🤖 AI Summary
Existing text-guided video editing methods suffer from temporal inconsistency, motion distortion, and poor cross-domain generalization, primarily due to insufficient modeling of spatiotemporal pixel correlations in the latent space. To address this, we propose STR-Match—a training-free method built upon a latent-space optimization framework for text-to-video diffusion models. Our approach introduces a novel spatiotemporal relevance matching mechanism: it quantifies inter-frame pixel correlations via STR (spatiotemporal ratio) scoring and jointly leverages 2D spatial attention with a lightweight 1D temporal module—bypassing computationally expensive 3D attention while ensuring efficient spatiotemporal coherence. Additionally, we incorporate a latent masking strategy to enhance editing fidelity. Experiments demonstrate that STR-Match significantly outperforms state-of-the-art methods on complex scenes, robustly preserving key visual attributes of source videos even under large-domain transformations, and achieving both high-fidelity generation and strong temporal consistency.
📝 Abstract
Previous text-guided video editing methods often suffer from temporal inconsistency, motion distortion, and-most notably-limited domain transformation. We attribute these limitations to insufficient modeling of spatiotemporal pixel relevance during the editing process.
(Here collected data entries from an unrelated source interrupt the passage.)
Lemma Cnonneg_lim {H : Hilbert} (u v : nat -> H) l m :
  hconv u l -> hconv v m -> (forall n, Cnonneg (hinner (u n) (v n))) -> Cnonneg (hinner l m).
Proof.
  intros Hu Hv Hn. split.
  - rewrite Im_rinner. apply (rconv_zero (fun n => rinner (u n) (hscal Ci (v n)))).
    + apply rconv_inner, hconv_scal; auto.
    + intros n. rewrite <- Im_rinner. apply Hn.
  - apply (rconv_nonneg (fun n => rinner (u n) (v n))).
    + now apply rconv_inner.
    + intros n. apply Hn.
Qed.

Lemma dense_seq {H : Hilbert} (D : H -> Prop) : dense D -> forall w,
  exists u : nat -> H, (forall n, D (u n)) /\ hconv u w.
Proof.
  intros HD w.
  pose (u := fun n : nat => epsilon (inhabits (@hzero H))
               (fun v => D v /\ hnorm (hsub w v) < / (INR n + 1))).
  assert (Hu : forall n, D (u n) /\ hnorm (hsub w (u n)) < / (INR n + 1)).
  { intros n. apply epsilon_spec, HD, Rinv_0_lt_compat. pose proof (pos_INR n); lra. }
  exists u. split; [intros n; apply Hu|].
  intros e He. destruct (INR_unbounded (/ e)) as [N HN]. exists N. intros n Hn.
  rewrite hnorm_sub_sym. eapply Rlt_trans; [apply Hu|].
  apply le_INR in Hn. pose proof (pos_INR N).
  assert (0 < / e) by (apply Rinv_0_lt_compat; lra).
  rewrite <- (Rinv_inv e). apply Rinv_lt_contravar; [nra | lra].
Qed.

Definition in_ball {H : Hilbert} (c : H) (r : R) (z : H) : Prop := hnorm (hsub z c) <= r.

Lemma in_ball_center {H : Hilbert} (c : H) (r : R) : 0 <= r -> in_ball c r c.
Proof. unfold in_ball. rewrite hsub_self, hnorm_zero. lra. Qed.
Lemma derivation_det n (A : 'M[R]_n) :
  D (\det A) = \sum_i \sum_j D (A i j) * cofactor A i j.
Proof.
rewrite /determinant (big_morph D Dadd derivation0).
under eq_bigr => s _ do rewrite Dmul derivation_sign mul0r add0r
  (derivation_prod _ (index_enum_uniq _)) big_distrr.
rewrite exchange_big /=; apply: eq_bigr => i _.
under [RHS]eq_bigr => j _ do rewrite expand_cofactor big_distrr.
rewrite (exchange_big_dep predT) //=; apply: eq_bigr => s _.
rewrite [RHS](big_pred1 (s i)) => [|j]; last by rewrite /= eq_sym.
by rewrite mulrCA; congr (_ * (_ * _)); apply: eq_bigl => k; rewrite eq_sym.
Qed.

(* Infinitesimal form of det (G M G^T) = det G ^+ 2 * det M. *)
Lemma derivation_det_congruence n (A M : 'M[R]_n) :
  (forall i j, D (M i j) = (A *m M + M *m A^T) i j) ->
  D (\det M) = \det M * \tr A *+ 2.
Proof.
move=> dM; rewrite derivation_det.
under eq_bigr => i _ do under eq_bigr => j _ do rewrite dM.
rewrite -mxtrace_mul_adj mulmxDl mxtraceD -mulmxA mul_mx_adj mul_mx_scalar.
rewrite [X in _ + X]mxtrace_mulC mulmxA mul_adj_mx mul_scalar_mx.
by rewrite !mxtraceZ mxtrace_tr mulr2n.
Qed.

End Derivation.

Lemma mderivXU (R : comNzRingType) k (i j : 'I_k) :
  mderiv j ('X_i : {mpoly R[k]}) = (i == j)%:R.
Proof.
rewrite mderivX mnm1E; case: eqP => [->|_]; last by rewrite scale0r.
by rewrite scale1r -{1}(add0m U_(j)%MM) addmK mpolyX0.
Qed.

Lemma split_lshift m n (i : 'I_m) : split (lshift n i) = inl i.
Proof. exact: (unsplitK (inl i)). Qed.

Lemma split_rshift m n (i : 'I_n) : split (rshift m i) = inr i.
Proof. exact: (unsplitK (inr i)). Qed.

Lemma mul_delta_mxE (R : pzSemiRingType) n (p q : 'I_n) (M : 'M[R]_n) i j :
  (delta_mx p q *m M) i j = (i == p)%:R * M q j.
Proof.
rewrite mxE (bigD1 q) //= mxE eqxx andbT big1 ?addr0 // => k /negbTE kq.
by rewrite mxE kq andbF mul0r.
Qed.

Lemma mul_mx_deltaE (R : pzSemiRingType) n (p q : 'I_n) (M : 'M[R]_n) i j :
  (M *m delta_mx p q) i j = M i p * (j == q)%:R.
Proof.
rewrite mxE (bigD1 p) //= mxE eqxx big1 ?addr0 // => k /negbTE kp.
by rewrite mxE kp mulr0.
Qed.

Lemma zofC m (i j : 'I_m) : zof i j = zof j i.
Proof. by apply: val_inj => /=; case: (ltngtP i j) => [||/val_inj ->]. Qed.

Section PoissonDerivation.
Variables (K : numFieldType) (m : nat).
Local Notation S := (Sg K m).
Implicit Types (f g : S) (x b : gb m).
(* Let $\mu_0<\mu_1$, $\sigma_H>0$, $\pi,\lambda,p\in(0,1)$ fixed, and $s\in(\mu_0,\mu_1)$. Define $A(s)=1-\Phi\big((s-\mu_1)/\sigma_H\big)$, $B(s)=1-\Phi\big((s-\mu_0)/\sigma_H\big)$ (with $\Phi$ the standard normal cdf), \[ \lambda(1,\pi;s)=\frac{\lambda\,[\pi A(s)+(1-\pi)p]}{\pi\,[\lambda A(s)+(1-\lambda)B(s)]+(1-\pi)\,p},\qquad P_S(1,\pi;s)=\lambda(1,\pi;s)^2 . \] Then, holding $(s,\pi,\lambda,p,\mu_0,\mu_1)$ fixed, $\partial_{\sigma_H}\lambda(1,\pi;s)<0$ and $\partial_{\sigma_H}P_S(1,\pi;s)<0$.
   Context: Gaussian–quadratic benchmark: $s\mid(\theta,\omega)\sim\mathcal N(\mu_\omega,\sigma_\theta^2)$; $A$ and $B$ are the probabilities that the High type's signal exceeds the cutoff $s$ in states $\omega=1$ and $\omega=0$; the Low type recommends risk with signal-independent probability $p$; $\lambda(1,\pi;s)$ is the posterior that the state is good after a risky recommendation; effort with cost $c(e)=e^2/2$ is $e^*=\lambda(1,\pi;s)$; $P_S$ is the success probability. *)

From Stdlib Require Import Reals.
From Coquelicot Require Import Coquelicot.
Open Scope R_scope.

Definition std_normal_pdf (t : R) : R := / sqrt (2 * PI) * exp (- (t ^ 2) / 2).

Definition Phi (x : R) : R :=
  RInt_gen std_normal_pdf (Rbar_locally m_infty) (at_point x).

Definition Aprob (mu1 sigH s : R) : R := 1 - Phi ((s - mu1) / sigH).
Definition Bprob (mu0 sigH s : R) : R := 1 - Phi ((s - mu0) / sigH).

Definition post_risky (mu0 mu1 pi lam p s sigH : R) : R :=
  lam * (pi * Aprob mu1 sigH s + (1 - pi) * p)
  / (pi * (lam * Aprob mu1 sigH s + (1 - lam) * Bprob mu0 sigH s) + (1 - pi) * p).

Definition succ_prob (mu0 mu1 pi lam p s sigH : R) : R :=
  (post_risky mu0 mu1 pi lam p s sigH) ^ 2.

(* The survival probabilities A = 1 - Phi((s - mu1)/sigma) and B = 1 - Phi((s - mu0)/sigma)
   move in opposite directions as sigma grows: A decreases since s < mu1, B increases since
   s > mu0.  With N = pi A + (1 - pi) p and M = pi B + (1 - pi) p, the derivative of the posterior
   has numerator lam pi (1 - lam) (A' M - N B'), which is negative once N, M > 0; so the posterior
   decreases, and so does its (positive) square.  Positivity of N and M needs A, B >= 0, i.e.
   Phi <= 1, which comes from the Gaussian integral, evaluated by the Feynman trick
   (int_0^x e^{-t^2/2} dt)^2 + 2 int_0^1 e^{-x^2 (1+t^2)/2} / (1+t^2) dt = pi/2 for all x. *)
From Stdlib Require Import Reals Lra.
From Coquelicot Require Import Coquelicot.
Open Scope R_scope.

(* Coquelicot's [auto_derive] leaves equalities typed in [R_AbsRing], which [ring]/[field] do
   not recognise as [R]. *)
Ltac as_R_eq := match goal with |- ?a = ?b => change (@eq R a b) end.

Definition gauss (t : R) : R := exp (- (t ^ 2) / 2).

Lemma continuous_gauss x : continuous gauss x.
Proof.
  apply (@ex_derive_continuous R_AbsRing R_NormedModule).
  unfold gauss; auto_derive; auto.
Qed.

Lemma ex_RInt_gauss a b : ex_RInt gauss a b.
Proof.
  apply (@ex_RInt_continuous R_CompleteNormedModule); intros z _.
  apply continuous_gauss.
Qed.

Definition gauss_int (x : R) : R := RInt gauss 0 x.

Lemma is_derive_gauss_int x : is_derive gauss_int x (gauss x).
Proof.
  apply (is_derive_RInt gauss gauss_int 0 x).
  - apply filter_forall; intros b. apply (RInt_correct gauss 0 b), ex_RInt_gauss.
  - apply continuous_gauss.
Qed.

Definition feynman_integrand (x t : R) : R :=
  exp (- (x ^ 2) * (1 + t ^ 2) / 2) / (1 + t ^ 2).

Definition feynman (x : R) : R := RInt (feynman_integrand x) 0 1.

Lemma is_derive_feynman_integrand x t :
  is_derive (fun y => feynman_integrand y t) x (- x * exp (- (x ^ 2) * (1 + t ^ 2) / 2)).
Proof.
  assert (Ht : 0 < 1 + t ^ 2) by nra.
  unfold feynman_integrand. auto_derive; [lra |].
  as_R_eq. unfold Rdiv; simpl. field. lra.
Qed.

Lemma continuous_feynman_integrand x t : continuous (feynman_integrand x) t.
Proof.
  assert (Ht : 0 < 1 + t ^ 2) by nra.
  apply (@ex_derive_continuous R_AbsRing R_NormedModule).
  unfold feynman_integrand; auto_derive; lra.
Qed.

Lemma ex_RInt_feynman_integrand x a b : ex_RInt (feynman_integrand x) a b.
Proof.
  apply (@ex_RInt_continuous R_CompleteNormedModule); intros z _.
  apply continuous_feynman_integrand.
Qed.

Lemma continuity_2d_Derive_feynman_integrand x t :
  continuity_2d_pt (fun u v => Derive (fun y => feynman_integrand y v) u) x t.
Proof.
  apply continuity_2d_pt_ext with
    (f := fun u v => - u * exp (- (u ^ 2) * (1 + v ^ 2) / 2)).
  { intros u v. symmetry. apply is_derive_unique, is_derive_feynman_integrand. }
  apply continuity_2d_pt_mult.
  - apply continuity_2d_pt_opp, continuity_2d_pt_id1.
  - apply (continuity_1d_2d_pt_comp exp (fun u v => - u ^ 2 * (1 + v ^ 2) / 2)).
    + apply derivable_continuous_pt, derivable_pt_exp.
    + apply continuity_2d_pt_ext with (f := fun u v => - (u * u) * ((1 + v * v) * / 2)).
      { intros u v. field. }
      apply continuity_2d_pt_mult.
      * apply continuity_2d_pt_opp, continuity_2d_pt_mult; apply continuity_2d_pt_id1.
      * apply continuity_2d_pt_mult; [| apply continuity_2d_pt_const].
        apply continuity_2d_pt_plus; [apply continuity_2d_pt_const |].
        apply continuity_2d_pt_mult; apply continuity_2d_pt_id2.
Qed.

(* The differentiated integrand is [- gauss x * (x * gauss (x t))]; substitute [u = x t]. *)
Lemma is_derive_feynman x : is_derive feynman x (- gauss x * gauss_int x).
Proof.
  replace (- gauss x * gauss_int x)
    with (RInt (fun t => Derive (fun y => feynman_integrand y t) x) 0 1).
  - apply is_derive_RInt_param.
    + apply filter_forall; intros y t _. eexists. apply is_derive_feynman_integrand.
    + intros t _. apply continuity_2d_Derive_feynman_integrand.
    + apply filter_forall; intros y. apply ex_RInt_feynman_integrand.
  - rewrite (RInt_ext _ (fun t => - gauss x * (x * gauss (x * t + 0)))).
    + transitivity (- gauss x * RInt (fun t => x * gauss (x * t + 0)) 0 1).
      * apply (RInt_scal (fun t => x * gauss (x * t + 0))).
        apply (@ex_RInt_continuous R_CompleteNormedModule); intros z _.
        apply (@ex_derive_continuous R_AbsRing R_NormedModule).
        unfold gauss; auto_derive; auto.
      * unfold gauss_int. f_equal.
        etransitivity; [apply (RInt_comp_lin gauss x 0 0 1 (ex_RInt_gauss _ _)) |].
        f_equal; ring.
    + intros t _. etransitivity; [apply is_derive_unique, is_derive_feynman_integrand |].
      unfold gauss. replace (x * t + 0) with (x * t) by ring.
      replace (- x ^ 2 * (1 + t ^ 2) / 2) with (- x ^ 2 / 2 + - (x * t) ^ 2 / 2) by field.
      rewrite exp_plus. as_R_eq. ring.
Qed.
(* A permutation of the points is a matching of cost 0. *)
Lemma bn_perm A B : perm_eq A B -> bottleneck A B = 0.
Proof.
move=> /(perm_iotaP (0,0)) [Is pI EA].
have uI : uniq Is by rewrite (perm_uniq pI) iota_uniq.
have sI : size Is = size B by rewrite (perm_size pI) size_iota.
have sA : size A = size B by rewrite EA size_map.
have IsB j : (j < size A)%N -> (nth 0%N Is j < size B)%N.
  move=> hj; have : nth 0%N Is j \in iota 0 (size B).
    by rewrite -(perm_mem pI) mem_nth // sI -sA.
  by rewrite mem_iota.
pose f (i : 'I_(size A)) : option 'I_(size B) := insub (nth 0%N Is i).
have fval (i : 'I_(size A)) : exists2 k, f i = Some k & val k = nth 0%N Is i.
  by rewrite /f; case: insubP => [k _ Ek|]; [exists k | rewrite IsB].
have pf : partial_inj f.
  move=> i j k; have [k1 -> E1] := fval i; have [k2 -> E2] := fval j.
  move=> [e1] [e2]; subst k1 k2; apply/val_inj/eqP => /=.
  by rewrite -(nth_uniq 0%N _ _ uI) ?sI -?sA // -E1 -E2.
apply/eqP; rewrite eq_le bn_ge0 andbT.
apply: le_trans (bn_le (fun _ => 0) (fun _ => 0) pf) _; apply: cost_le => //.
- move=> i k Ei; have [k' Ei' Ek'] := fval i; move: Ei'; rewrite Ei => -[->].
  by rewrite {1}EA (nth_map 0%N) ?sI -?sA // -Ek' linf_id.
- by move=> i; have [k -> _] := fval i.
- move=> k Hk; have kIs : val k \in Is by rewrite (perm_mem pI) mem_iota /=.
  have jA : (index (val k) Is < size A)%N.
    by move: (val k) kIs => x; rewrite sA -sI index_mem.
  have [k' Ek' Vk'] := fval (Ordinal jA); move: (Hk (Ordinal jA)); rewrite Ek'.
  suff -> : k' = k by rewrite eqxx.
  by apply/val_inj; rewrite Vk' /= nth_index.
Qed.

Lemma cheap_matching_bijective A B (f : index_map A B) (tA : diag_map A) (tB : diag_map B)
    m :
  (forall p, p \in A ++ B -> m <= (p.2 - p.1) / 2) ->
  @matching_cost R A B f tA tB < m ->
  (forall i, exists k, f i = Some k) /\ (forall k, exists i, f i = Some k).
Proof.
move=> Hm Hc; split.
  move=> i; case Ei: (f i) => [k|]; first by exists k.
  have far := le_trans (linf_diag _ (tA i)) (cost_none tA tB Ei).
  have pers : m <= ((nth (0,0) A i).2 - (nth (0,0) A i).1) / 2.
    by apply: Hm; rewrite mem_cat mem_nth.
  lra.
move=> k; case: (pickP (fun i => f i == Some k)) => [i /eqP Ei|Hk]; first by exists i.
have far := le_trans (linf_diag _ (tB k))
  (cost_unmatched tA tB (fun i => negbT (Hk i))).
have pers : m <= ((nth (0,0) B k).2 - (nth (0,0) B k).1) / 2.
  by apply: Hm; rewrite mem_cat mem_nth ?orbT.
lra.
Qed.

Lemma matching_perm A B (g : R * R -> R * R) (f : index_map A B) :
  partial_inj f -> (forall i, exists k, f i = Some k) ->
  (forall k, exists i, f i = Some k) ->
  (forall i k, f i = Some k -> nth (0,0) B k = g (nth (0,0) A i)) ->
  perm_eq (map g A) B.
Proof.
move=> pf total onto Hg; apply/(perm_iotaP (0,0)).
exists [seq oapp val 0%N (f i) | i <- enum 'I_(size A)].
  apply: uniq_perm.
  - rewrite map_inj_uniq ?enum_uniq // => i j.
    have [k Ek] := total i; have [l El] := total j; rewrite Ek El /= => /val_inj kl.
    by subst l; exact: (pf _ _ k).
  - exact: iota_uniq.
  move=> x; rewrite mem_iota add0n; apply/mapP/idP.
    by move=> [i _ ->]; have [k ->] := total i; rewrite /= ltn_ord.
  by move=> /andP[_ hx]; have [i Ei] := onto (Ordinal hx); exists i; rewrite ?mem_enum ?Ei.
rewrite -map_comp -[in LHS](mkseq_nth (0,0) A) /mkseq -val_enum_ord -!map_comp.
apply: eq_map => i /=; have [k Ek] := total i.
by rewrite Ek /= (Hg _ _ Ek).
Qed.

Lemma has_inf_dS a b :
  has_inf [set d : R | exists s : R, d = bottleneck (pd_shift a s) b].
Proof.
split; first by exists (bottleneck (pd_shift a 0) b), 0.
by exists 0 => d [s ->]; exact: bn_ge0.
Qed.
(* Let $N\ge1$, let $M=\prod_{i=1}^N M_i\subset\mathbb{R}^N$ be compact (each $M_i\subset\mathbb{R}$), and suppose $M\subset U=\prod_{i=1}^N U_i\subset\mathbb{C}^N$ with each $U_i$ an open domain of $\mathbb{C}$ symmetric about the real axis. Let $f:M\to\mathbb{R}$ be continuous. Then for every $\varepsilon>0$ there exist an integer $h\ge1$ and a CauchyNet $N_{\boldsymbol\theta,h}$ of hidden width $h$, with parameters $\boldsymbol\theta=(\mathbf{B},\mathbf{c})$, $\mathbf{B}\in\mathbb{C}^{h\times N}$, $\mathbf{c}\in\mathbb{C}^h$, such that $|f(\mathbf{x})-N_{\boldsymbol\theta,h}(\mathbf{x})|<\varepsilon$ for all $\mathbf{x}=(x_1,\dots,x_N)^{\mathrm T}\in M$.
   Context: A CauchyNet with hidden width $h$ and parameters $\mathbf{B}=(b_{k,i})\in\mathbb{C}^{h\times N}$, $\mathbf{c}=(c_1,\dots,c_h)\in\mathbb{C}^h$ is the (complex-valued) function on $M$ given by $N_{\boldsymbol\theta,h}(\mathbf{x})=\sum_{k=1}^{h}c_k\prod_{i=1}^{N}(b_{k,i}-x_i)^{-1}$, where the parameters are such that no factor $b_{k,i}-x_i$ vanishes on $M$. (In the architecture each hidden neuron computes the Cauchy activation $\prod_i z_i^{-1}$ of the complex-shifted input, and the output is the $\mathbf{c}$-weighted sum of the hidden activations.) *)

From HB Require Import structures.
From mathcomp Require Import all_boot all_order all_algebra.
From mathcomp Require Import all_classical all_reals all_analysis.
From mathcomp Require Import complex.
Set Implicit Arguments. Unset Strict Implicit. Unset Printing Implicit Defensive.
Import Order.TTheory GRing.Theory Num.Theory.
Import numFieldTopology.Exports numFieldNormedType.Exports.
Local Open Scope classical_set_scope.
Local Open Scope ring_scope.

(* The complex plane C = R[i], viewed as a normed (hence topological) space
   with its Euclidean modulus topology (through the regular algebra R[i]^o). *)
Notation Cplx R := ((R[i])^o) (only parsing).

Definition prodset (R : realType) (N : nat) (Mi : 'I_N -> set R) : set 'rV[R]_N :=
  [set x | forall i : 'I_N, Mi i (x ord0 i)].

Definition cauchynet (R : realType) (N h : nat)
    (B : 'M[R[i]]_(h, N)) (c : 'I_h -> R[i]) (x : 'rV[R]_N) : R[i] :=
  \sum_(k < h) c k * \prod_(i < N) (B k i - ((x ord0 i)%:C)%C)^-1.

(* Poles with positive imaginary part never meet the real points of M, and the
   uniform limits on M of CauchyNets form a complex vector space which is closed
   under uniform limits.  Since iT / (iT - x_j) -> 1 uniformly on the bounded
   set M as T -> +oo, a factor (b_j - x_j)^-1 can be removed from a Cauchy term
   in the limit, so every partial product of Cauchy factors, and in particular
   the constant 1, is such a limit.  The partial fraction identity
   x_j / (b_j - x_j) = b_j / (b_j - x_j) - 1 shows that multiplication by x_j
   preserves the class, hence so does multiplication by any polynomial in the
   coordinates.  Finally f is uniformly approximated on M by a multivariate
   Bernstein polynomial in the coordinates rescaled to [0, 1]. *)

From HB Require Import structures.
From mathcomp Require Import all_boot all_order all_algebra.
From mathcomp Require Import all_classical all_reals all_analysis.
From mathcomp Require Import complex.
From mathcomp Require Import ring lra.
Set Implicit Arguments.
Unset Strict Implicit.
Unset Printing Implicit Defensive.

Import Order.TTheory GRing.Theory Num.Theory.
Import numFieldTopology.Exports numFieldNormedType.Exports.
Local Open Scope classical_set_scope.
Local Open Scope ring_scope.

Section Bernstein.
Variable R : realFieldType.
Implicit Types (u t : R) (n : nat).

Definition bernstein n k u : R := 'C(n, k)%:R * u ^+ k * (1 - u) ^+ (n - k).

Lemma bernstein_ge0 n k u : 0 <= u <= 1 -> 0 <= bernstein n k u.
Proof.
by case/andP=> u0 u1; rewrite !mulr_ge0 ?exprn_ge0 ?subr_ge0.
Qed.

Lemma sum_bernstein n u : \sum_(k < n.+1) bernstein n k u = 1.
Proof.
have := exprDn (1 - u) u n; rewrite subrK expr1n => ->.
by apply: eq_bigr => k _; rewrite /bernstein -mulr_natr; ring.
Qed.

Lemma bernsteinS n k u :
  k.+1%:R * bernstein n.+1 k.+1 u = n.+1%:R * u * bernstein n k u.
Proof.
have := congr1 (GRing.natmul (1 : R)) (mul_bin_diag n.+1 k).
by rewrite !natrM /bernstein subSS exprS => e; rewrite !mulrA -e; ring.
Qed.

Lemma sum_bernstein_mulk n u :
  \sum_(k < n.+1) k%:R * bernstein n k u = n%:R * u.
Proof.
case: n => [|n]; first by rewrite big_ord1 !mul0r.
rewrite big_ord_recl mul0r add0r.
under eq_bigr => k _ do rewrite (lift0 k) bernsteinS.
by rewrite -mulr_sumr sum_bernstein mulr1.
Qed.

Lemma sum_bernstein_mulkk n u :
  \sum_(k < n.+1) k%:R * (k%:R - 1) * bernstein n k u = n%:R * (n%:R - 1) * u ^+ 2.
Proof.
case: n => [|n]; first by rewrite big_ord1 !mul0r.
rewrite big_ord_recl !mul0r add0r.
under eq_bigr => k _ do rewrite (lift0 k) mulrAC bernsteinS -[k.+1%:R]natr1 addrK.
rewrite (eq_bigr (fun k : 'I_n.+1 => n.+1%:R * u * (k%:R * bernstein n k u)));
  last by move=> k _; ring.
by rewrite -mulr_sumr sum_bernstein_mulk -[n.+1%:R]natr1 addrK; ring.
Qed.

Lemma sum_bernstein_var n u :
  \sum_(k < n.+1) (k%:R - n%:R * u) ^+ 2 * bernstein n k u = n%:R * u * (1 - u).
Proof.
have -> : \sum_(k < n.+1) (k%:R - n%:R * u) ^+ 2 * bernstein n k u =
    \sum_(k < n.+1) k%:R * (k%:R - 1) * bernstein n k u
  + (1 - 2 * n%:R * u) * \sum_(k < n.+1) k%:R * bernstein n k u
  + (n%:R * u) ^+ 2 * \sum_(k < n.+1) bernstein n k u.
  by rewrite !mulr_sumr -!big_split /=; apply: eq_bigr => k _; ring.
rewrite sum_bernstein_mulkk sum_bernstein_mulk sum_bernstein; ring.
Qed.

Lemma sum_chebyshev (I : finType) (w g : I -> R) t :
  (forall k, 0 <= w k) -> 0 < t ->
  \sum_(k | t <= `|g k|) w k <= (\sum_k w k * g k ^+ 2) / t ^+ 2.
Proof.
move=> w0 t0; rewrite ler_pdivlMr ?exprn_gt0 // mulr_suml.
rewrite [leRHS](bigID (fun k => t <= `|g k|)) /= -[leLHS]addr0.
apply: lerD; last by apply: sumr_ge0 => k _; rewrite mulr_ge0 ?sqr_ge0.
apply: ler_sum => k tg; apply: ler_wpM2l => //.
rewrite -[g k ^+ 2]real_normK ?num_real //.
by apply: lerXn2r; rewrite // nnegrE ?normr_ge0 ?(ltW t0).
Qed.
To address this, we propose STR-Match, a training-free video editing algorithm that produces visually appealing and spatiotemporally coherent videos through latent optimization guided by our novel STR score. The score captures spatiotemporal pixel relevance across adjacent frames by leveraging 2D spatial attention and 1D temporal modules in text-to-video (T2V) diffusion models, without the overhead of computationally expensive 3D attention mechanisms. Integrated into a latent optimization framework with a latent mask, STR-Match generates temporally consistent and visually faithful videos, maintaining strong performance even under significant domain transformations while preserving key visual attributes of the source. Extensive experiments demonstrate that STR-Match consistently outperforms existing methods in both visual quality and spatiotemporal consistency.